Not sure I understand your point. The EIA estimates for 2005 and 2006 are 81.45 mbpd and 81.37 mbpd repectively (the ASPO is saying 80 and 81.90 mbpd, see here). Anyway, what matters in Chris argument is future cumulative production i.e. the URR minus past consumption. The ASPO URR is probably the most conservative.

Are you talking about this?


Solid Red Line is ASPO (C+C+NGLs, I think?)
Shows a rather sharp peak, don't you think?

ASPO-(70)71 forecast -- 84.48 mbd in 2007, 90.00 mbd in 2010, 85.00 mbd in 2015? Or, is it ASPO-58? Or is it ASPO-45?

Actually, there are so many forecasts on the page you referred me to (in the figure above) that I can't even begin to get it straight. The ASPO forecast (solid red line) does stand out, however, in it's pessimism.
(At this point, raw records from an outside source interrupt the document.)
(* Let $G$ be an $r$-graph that maximises the Lagrangian among $r$-graphs with the same number of edges, and suppose that $w$ is a maximal weighting of $G$ which is decreasing and which satisfies $w(x) > 0$ for every $x \in V(G)$. Then $G$ is left-compressed.
   Context: An $r$-graph is a finite family $G$ of $r$-element subsets of $\mathbb{N}$; $V(G)$ is the set of elements lying in some edge. A weighting of $\mathbb{N}$ is $w:\mathbb{N}\to[0,\infty)$ with $\sum_x w(x)=1$; $w(G)=\sum_{e\in G}\prod_{x\in e}w(x)$; the Lagrangian is $\lambda(G)=\max_w w(G)$, and $w$ is maximal for $G$ if $w(G)=\lambda(G)$. A weighting is decreasing if $w(i)\ge w(j)$ whenever $i<j$. For $x<y$ and an $r$-set $F$, the $xy$-compression is $C_{xy}(F)=(F\setminus\{y\})\cup\{x\}$ if $x\notin F$, $y\in F$, and $C_{xy}(F)=F$ otherwise; for a family $\mathcal F$, $C_{xy}(\mathcal F)=\{C_{xy}(F):F\in\mathcal F\}\cup\{F\in\mathcal F: C_{xy}(F)\in\mathcal F\}$. $\mathcal F$ is left-compressed if $C_{xy}(\mathcal F)=\mathcal F$ for all $x<y$. *)

From HB Require Import structures.
From mathcomp Require Import all_boot all_order all_algebra.
From mathcomp Require Import finmap.
From mathcomp Require Import all_classical all_reals all_analysis.
Set Implicit Arguments. Unset Strict Implicit. Unset Printing Implicit Defensive.
Import Order.TTheory GRing.Theory Num.Theory.
Import numFieldNormedType.Exports.
Local Open Scope ring_scope.
Local Open Scope classical_set_scope.

Definition rgraph (r : nat) (G : {fset {fset nat}}) : Prop :=
  forall e, e \in G -> #|` e|%fset = r.

Definition weighting {R : realType} (w : nat -> R) : Prop :=
  (forall x, 0 <= w x) /\ series w n @[n --> \oo] --> (1 : R).

Definition wG {R : realType} (w : nat -> R) (G : {fset {fset nat}}) : R :=
  \sum_(e <- G) \prod_(x <- e) w x.

Definition lagrangian {R : realType} (G : {fset {fset nat}}) : R :=
  sup [set wG w G | w in (@weighting R)].

Definition maximal_weighting {R : realType} (G : {fset {fset nat}}) (w : nat -> R) : Prop :=
  weighting w /\ wG w G = lagrangian G.

Definition decreasing_weighting {R : realType} (w : nat -> R) : Prop :=
  forall i j : nat, (i < j)%N -> w j <= w i.

Definition in_V (G : {fset {fset nat}}) (x : nat) : Prop :=
  exists2 e, e \in G & x \in e.

Definition compr (x y : nat) (F : {fset nat}) : {fset nat} :=
  if (x \notin F) && (y \in F) then fsetU (fsetD F (fset1 y)) (fset1 x) else F.

Definition comprF (x y : nat) (G : {fset {fset nat}}) : {fset {fset nat}} :=
  fsetU [fset compr x y F | F in G]%fset [fset F in G | compr x y F \in G]%fset.

Definition left_compressed (G : {fset {fset nat}}) : Prop :=
  forall x y : nat, (x < y)%N -> comprF x y G = G.

Definition max_lagrangian_rgraph {R : realType} (r : nat) (G : {fset {fset nat}}) : Prop :=
  rgraph r G /\
  forall H, rgraph r H -> #|` H|%fset = #|` G|%fset -> @lagrangian R H <= @lagrangian R G.

From Pilot Require Import Defs.
From HB Require Import structures.
From mathcomp Require Import all_boot all_order all_algebra.
From mathcomp Require Import finmap.
From mathcomp Require Import all_classical all_reals all_analysis.
From mathcomp Require Import ring lra.
Set Implicit Arguments. Unset Strict Implicit. Unset Printing Implicit Defensive.
Import Order.TTheory GRing.Theory Num.Theory.
Import numFieldNormedType.Exports.
Local Open Scope ring_scope.

(* If an edge [F] with [y \in F], [x \notin F] had its compression [F'] outside
   [G], swapping [F] for [F'] would give an r-graph [H] with [|H| = |G|], hence
   [lambda(H) <= lambda(G) = w(G)].  Moving weight [t] from [y] to [x] gives
   [w_t(H) = w_t(G) + (w x - w y + 2 t) Q], where [Q > 0] is the weight of
   [F \ y] and [w x >= w y], while the second difference
   [w_t(G) + w_-t(G) - 2 w(G)] is only [-O(t^2)].  Maximality of [w] then
   forces [2 t Q <= O(t^2)] for all small [t > 0], which is absurd. *)

Section Lagrangian.
Variable R : realType.

Lemma weighting_le1 (w : nat -> R) v : weighting w -> w v <= 1.
Proof.
move=> [w_ge0 w_cvg].
have series_ge0 n : 0 <= series w n by exact: sumr_ge0.
have series_nd : {homo series w : n m / (n <= m)%N >-> n <= m}.
  by move=> n m nm; exact: (nondecreasing_series (P := predT)).
have := nondecreasing_cvgn_le series_nd (cvgP _ w_cvg) v.+1.
rewrite (cvg_lim _ w_cvg) // seriesS; apply: le_trans.
by rewrite lerDl.
Qed.

Lemma wG_le_lagrangian (w : nat -> R) G : weighting w -> wG w G <= lagrangian G.
Proof.
move=> ww; apply: ub_le_sup; last by exists w.
exists (\sum_(e <- G) (1 : R)) => _ [u wu <-].
apply: ler_sum => e _; apply: prodr_ile1 => v _.
by rewrite weighting_le1 // andbT; case: wu.
Qed.

Lemma wG_le_max_lagrangian r G H (w u : nat -> R) :
  @max_lagrangian_rgraph R r G -> maximal_weighting G w ->
  Defs.rgraph r H -> #|` H|%fset = #|` G|%fset -> weighting u -> wG u H <= wG w G.
Proof.
move=> [_ Gmax] [_ ->] rH cardH wu.
apply: le_trans (Gmax _ rH cardH); exact: wG_le_lagrangian.
Qed.

Lemma le0_of_le_mul_small (Q B s : R) :
  0 < s -> (forall t : R, 0 < t -> t <= s -> Q <= t * B) -> Q <= 0.
Proof.
move=> s0 small; rewrite leNgt; apply/negP => Q0.
pose t := Num.min s (Q / (2 * (`|B| + 1))).
have t0 : 0 < t by rewrite lt_min s0 divr_gt0 // mulr_gt0 // ltr_wpDl.
have ts : t <= s by rewrite ge_min lexx.
have tB : t * (2 * (`|B| + 1)) <= Q.
  by rewrite -ler_pdivlMr ?ge_min ?lexx ?orbT // mulr_gt0 // ltr_wpDl.
have := small t t0 ts; have := ler_norm B; nra.
Qed.

End Lagrangian.

Section Transfer.
Variables (R : realType) (w : nat -> R) (x y : nat).

Definition transfer (t : R) : nat -> R :=
  fun v => w v + (if v == x then t else 0) - (if v == y then t else 0).

Hypothesis xy : x != y.

Lemma transfer_x t : transfer t x = w x + t.
Proof. by rewrite /transfer eqxx (negPf xy) subr0. Qed.

Lemma transfer_y t : transfer t y = w y - t.
Proof. by rewrite /transfer eqxx eq_sym (negPf xy) addr0. Qed.

Lemma transfer_other t v : v != x -> v != y -> transfer t v = w v.
Proof. by move=> vx vy; rewrite /transfer (negPf vx) (negPf vy) addr0 subr0. Qed.

Lemma prod_transfer_notin t (S : {fset nat}) : x \notin S -> y \notin S ->
  \prod_(v <- S) transfer t v = \prod_(v <- S) w v.
Proof.
move=> xS yS; rewrite big_seq [RHS]big_seq; apply: eq_bigr => v vS.
by apply: transfer_other; apply: contraTneq vS => ->.
Qed.

Lemma transfer_weighting t : weighting w ->
  0 <= w x + t -> 0 <= w y - t -> weighting (transfer t).
Proof.
move=> [w_ge0 w_cvg] wxt wyt; split=> [v|].
  case: (eqVneq v x) => [->|vx]; first by rewrite transfer_x.
  case: (eqVneq v y) => [->|vy]; first by rewrite transfer_y.
  by rewrite transfer_other.
apply: cvg_trans w_cvg; apply: near_eq_cvg; near=> n.
have xyn : (maxn x y < n)%N by near: n; exists (maxn x y).+1.
rewrite /series /= /transfer sumrB big_split /= -!big_mkcond /= !big_nat1_eq.
by rewrite !(leq_ltn_trans _ xyn) ?leq_maxl ?leq_maxr // addrK.
Unshelve. all: by end_near.
Qed.

Lemma transfer_weighting_small u : weighting w ->
  w y <= w x -> `|u| <= w y -> weighting (transfer u).
Proof.
rewrite ler_norml => ww wyx /andP[yu uy]; apply: transfer_weighting => //.
  by rewrite -[u]opprK subr_ge0 (le_trans _ wyx) // lerNl.
by rewrite subr_ge0.
Qed.

Lemma prod_fsetD2 (f : nat -> R) (F : {fset nat}) :
  \prod_(v <- F) f v = (if x \in F then f x else 1) * (if y \in F then f y else 1)
                       * \prod_(v <- (F `\ x `\ y)%fset) f v.
Proof.
have yFx : (y \in (F `\ x)%fset) = (y \in F) by rewrite !inE eq_sym xy.
have fsetD1_id (A : {fset nat}) a : a \notin A -> (A `\ a)%fset = A.
  by move=> aA; apply/fsetP => z; rewrite !inE; case: eqVneq => // ->; rewrite (negPf aA).
case: (boolP (x \in F)) => xF; last first.
  rewrite mul1r (fsetD1_id F x xF); case: (boolP (y \in F)) => yF.
    by rewrite (big_fsetD1 y yF).
  by rewrite mul1r fsetD1_id.
rewrite (big_fsetD1 x xF) -mulrA; congr (_ * _).
case: (boolP (y \in F)) => yF; first by rewrite (big_fsetD1 y) ?yFx.
by rewrite mul1r (fsetD1_id (F `\ x)%fset y) // yFx.
Qed.

Lemma prod_transfer_second_diff t (F : {fset nat}) : (forall v, 0 <= w v) ->
  - (2 * t ^+ 2) * \prod_(v <- (F `\ x `\ y)%fset) w v
  <= \prod_(v <- F) transfer t v + \prod_(v <- F) transfer (- t) v
     - 2 * \prod_(v <- F) w v.
Proof.
move=> w_ge0; rewrite !(prod_fsetD2 _ F) !prod_transfer_notin ?inE ?eqxx ?andbF //.
rewrite !transfer_x !transfer_y.
have : 0 <= \prod_(v <- (F `\ x `\ y)%fset) w v by exact: prodr_ge0.
move: (\prod_(v <- _) w v) => P P0.
by case: (x \in F); case: (y \in F); nra.
Qed.

Lemma wG_transfer_second_diff t (G : {fset {fset nat}}) : (forall v, 0 <= w v) ->
  - (2 * t ^+ 2) * \sum_(F <- G) \prod_(v <- (F `\ x `\ y)%fset) w v
  <= wG (transfer t) G + wG (transfer (- t)) G - 2 * wG w G.
Proof.
move=> w_ge0; rewrite /wG !mulr_sumr -big_split -sumrB /=.
by apply: ler_sum => F _; exact: prod_transfer_second_diff.
Qed.

End Transfer.
Arguments transfer {R} w x y t.

Section Compression.
Variables (x y : nat).

Lemma compr_notin_in (F : {fset nat}) : x \notin F -> y \in F ->
  compr x y F = (x |` (F `\ y))%fset.
Proof. by move=> xF yF; rewrite /compr xF yF fsetUC. Qed.

Lemma card_compr (F : {fset nat}) : #|` compr x y F|%fset = #|` F|%fset.
Proof.
rewrite /compr; case: ifP => // /andP[xF yF].
rewrite fsetUC cardfsU1 inE (negPf xF) andbF [in RHS](cardfsD1 y F) yF.
by rewrite add1n.
Qed.

Lemma prod_compr (R : comRingType) (f : nat -> R) (F : {fset nat}) :
  x \notin F -> y \in F ->
  \prod_(v <- compr x y F) f v - \prod_(v <- F) f v
  = (f x - f y) * \prod_(v <- (F `\ y)%fset) f v.
Proof.
move=> xF yF; rewrite compr_notin_in // big_fsetU1 ?inE ?(negPf xF) ?andbF //.
by rewrite (big_fsetD1 y yF) mulrBl.
Qed.

Lemma comprF_id (G : {fset {fset nat}}) :
  (forall F, F \in G -> compr x y F \in G) -> comprF x y G = G.
Proof.
move=> comprG; apply/fsetP => F; rewrite /comprF in_fsetU; apply/idP/idP.
  by case/orP => [/imfsetP[F' /= F'G ->]|]; [exact: comprG | rewrite !inE => /andP[]].
by move=> FG; rewrite !inE FG comprG ?orbT.
Qed.

End Compression.

Section ReplaceEdge.
Variables (G : {fset {fset nat}}) (F0 F1 : {fset nat}).
Hypotheses (F0G : F0 \in G) (F1G : F1 \notin G).

Let F1GF0 : F1 \notin (G `\ F0)%fset.
Proof. by rewrite inE (negPf F1G) andbF. Qed.

Lemma rgraph_replace r : Defs.rgraph r G -> #|` F1|%fset = r ->
  Defs.rgraph r (F1 |` (G `\ F0))%fset.
Proof. by move=> rG F1r e; rewrite !inE => /orP[/eqP -> | /andP[_ /rG]]. Qed.

Lemma card_replace : #|` (F1 |` (G `\ F0))|%fset = #|` G|%fset.
Proof. by rewrite cardfsU1 F1GF0 [in RHS](cardfsD1 F0 G) F0G. Qed.

Lemma wG_replace (R : realType) (u : nat -> R) :
  wG u (F1 |` (G `\ F0))%fset
  = wG u G + (\prod_(v <- F1) u v - \prod_(v <- F0) u v).
Proof. by rewrite /wG big_fsetU1 // (big_fsetD1 F0 F0G) addrAC addrCA subrr addr0. Qed.

End ReplaceEdge.

Section LeftCompression.
Variables (R : realType) (r : nat) (G : {fset {fset nat}}) (w : nat -> R) (x y : nat).
Hypotheses (Gmax : @max_lagrangian_rgraph R r G) (wmax : maximal_weighting G w).
Hypotheses (V_pos : forall v, in_V G v -> 0 < w v) (wyx : w y <= w x) (xy : x != y).

Lemma compr_mem F0 : F0 \in G -> compr x y F0 \in G.
Proof.
move=> F0G; case: (boolP ((x \notin F0) && (y \in F0))); last first.
  by rewrite /compr => /negPf ->.
case/andP=> xF0 yF0; apply/negPn/negP => F1G.
have [[w_ge0 _] _] := wmax.
have wy0 : 0 < w y by apply: V_pos; exists F0.
set Q := \prod_(v <- (F0 `\ y)%fset) w v.
have Q0 : 0 < Q.
  rewrite /Q big_seq; apply: prodr_gt0 => v; rewrite inE => /andP[_ vF0].
  by apply: V_pos; exists F0.
set B := \sum_(F <- G) \prod_(v <- (F `\ x `\ y)%fset) w v.
suff : Q <= 0 by rewrite leNgt Q0.
apply: (@le0_of_le_mul_small _ Q B (w y)) => // t t0 ty.
have t_le_wy : `|t| <= w y by rewrite ger0_norm ?(ltW t0).
have wtP := transfer_weighting_small xy wmax.1 wyx t_le_wy.
rewrite -normrN in t_le_wy.
have wtN := transfer_weighting_small xy wmax.1 wyx t_le_wy.
have rH : Defs.rgraph r (compr x y F0 |` (G `\ F0))%fset.
  by apply: rgraph_replace Gmax.1 _; rewrite card_compr Gmax.1.
have gainH := wG_le_max_lagrangian Gmax wmax rH (card_replace F0G F1G) wtP.
have gainG := wG_le_max_lagrangian Gmax wmax Gmax.1 erefl wtN.
have second_diff := wG_transfer_second_diff xy t G w_ge0; rewrite -/B in second_diff.
rewrite wG_replace // prod_compr // transfer_x // transfer_y // in gainH.
rewrite prod_transfer_notin ?fsetD11 ?inE ?(negPf xF0) ?andbF // -/Q in gainH.
have gain : (w x + t - (w y - t)) * Q <= 2 * t ^+ 2 * B by lra.
have gapQ : 0 <= (w x - w y) * Q by rewrite mulr_ge0 ?subr_ge0 // ltW.
have : t * Q <= t * (t * B) by lra.
by rewrite ler_pM2l.
Qed.

End LeftCompression.

Theorem lemma3p5 (R : realType) (r : nat) (G : {fset {fset nat}}) (w : nat -> R) :
  @max_lagrangian_rgraph R r G ->
  maximal_weighting G w ->
  decreasing_weighting w ->
  (forall x, in_V G x -> 0 < w x) ->
  left_compressed G.
Proof.
move=> Gmax wmax wdec V_pos x y xy; apply: comprF_id => F.
by apply: (compr_mem Gmax wmax V_pos (wdec _ _ xy)); rewrite neq_ltn xy.
Qed.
By the way, the numbers I quoted (for ASPO) were taken exactly from Chris's confusing ASPO chart as shown in this story -- that's not Chris's fault.

Sigh. My standard comment: Jesus wept

So will there be a near term Oil and Gas peak or not?

I'm rather convinced there will be.

If so, then ecomomics will sort out the Oil and Gas depletion scenario and we will have to focus our political efforts on coal (and maybe shale oil), which is much more abundant and extremely tempting to use.

I assume that:
ASPO-70 (CO) and EIA (Crud Oil + Cond) is the same thing
ASPO-70 (CO + NGPL) and EIA (NGPL) is the same thing
ASPO-70 does not forecast other liquids
Which means that last production data is below ASPO.

Most of the time, ColinC does not incl proc gains of 2-mbd. Once a year he does. He does not incl BTL or CTL or Syncrude or any synthetics for that matter. When he says Regular Conv, he does not incl NGL either.

There is about 4 mbd difference betw his All Liquids & that of EIA, IEA or OPEC. And sometimes just 2.